Given the listing below, the answer must be only the number of lines containing the string "apply".
§ §
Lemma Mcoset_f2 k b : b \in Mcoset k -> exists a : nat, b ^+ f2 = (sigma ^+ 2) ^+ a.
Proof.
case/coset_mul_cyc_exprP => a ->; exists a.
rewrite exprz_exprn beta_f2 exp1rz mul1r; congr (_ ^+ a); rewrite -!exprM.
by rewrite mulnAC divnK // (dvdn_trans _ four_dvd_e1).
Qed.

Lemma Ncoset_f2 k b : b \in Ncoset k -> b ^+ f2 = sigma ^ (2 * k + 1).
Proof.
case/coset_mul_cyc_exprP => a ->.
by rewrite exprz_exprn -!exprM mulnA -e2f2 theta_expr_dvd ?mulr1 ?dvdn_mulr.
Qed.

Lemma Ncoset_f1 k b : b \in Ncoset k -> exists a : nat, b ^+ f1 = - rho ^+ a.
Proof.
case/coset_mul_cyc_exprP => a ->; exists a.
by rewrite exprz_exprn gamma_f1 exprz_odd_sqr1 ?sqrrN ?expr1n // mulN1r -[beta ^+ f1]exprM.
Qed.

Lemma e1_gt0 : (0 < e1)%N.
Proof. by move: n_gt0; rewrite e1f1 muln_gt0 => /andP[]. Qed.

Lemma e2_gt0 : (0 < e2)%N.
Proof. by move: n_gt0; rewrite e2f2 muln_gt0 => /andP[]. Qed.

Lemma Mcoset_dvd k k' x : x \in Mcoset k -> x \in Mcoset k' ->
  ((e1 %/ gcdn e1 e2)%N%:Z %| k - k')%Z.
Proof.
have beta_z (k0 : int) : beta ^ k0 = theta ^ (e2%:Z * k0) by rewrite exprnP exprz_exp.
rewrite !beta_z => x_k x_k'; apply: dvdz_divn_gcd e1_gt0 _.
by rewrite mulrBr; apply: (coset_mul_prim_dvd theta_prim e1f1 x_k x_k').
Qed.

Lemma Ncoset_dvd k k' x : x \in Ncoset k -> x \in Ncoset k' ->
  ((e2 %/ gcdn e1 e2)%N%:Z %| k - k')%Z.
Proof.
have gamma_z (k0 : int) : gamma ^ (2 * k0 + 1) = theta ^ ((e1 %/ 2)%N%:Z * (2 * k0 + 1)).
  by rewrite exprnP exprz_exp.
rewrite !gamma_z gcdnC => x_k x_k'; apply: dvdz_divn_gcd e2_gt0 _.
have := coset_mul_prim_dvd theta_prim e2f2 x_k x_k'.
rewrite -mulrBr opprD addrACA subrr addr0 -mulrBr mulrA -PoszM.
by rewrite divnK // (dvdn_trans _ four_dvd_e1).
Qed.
§ §
Answer area ▸ 3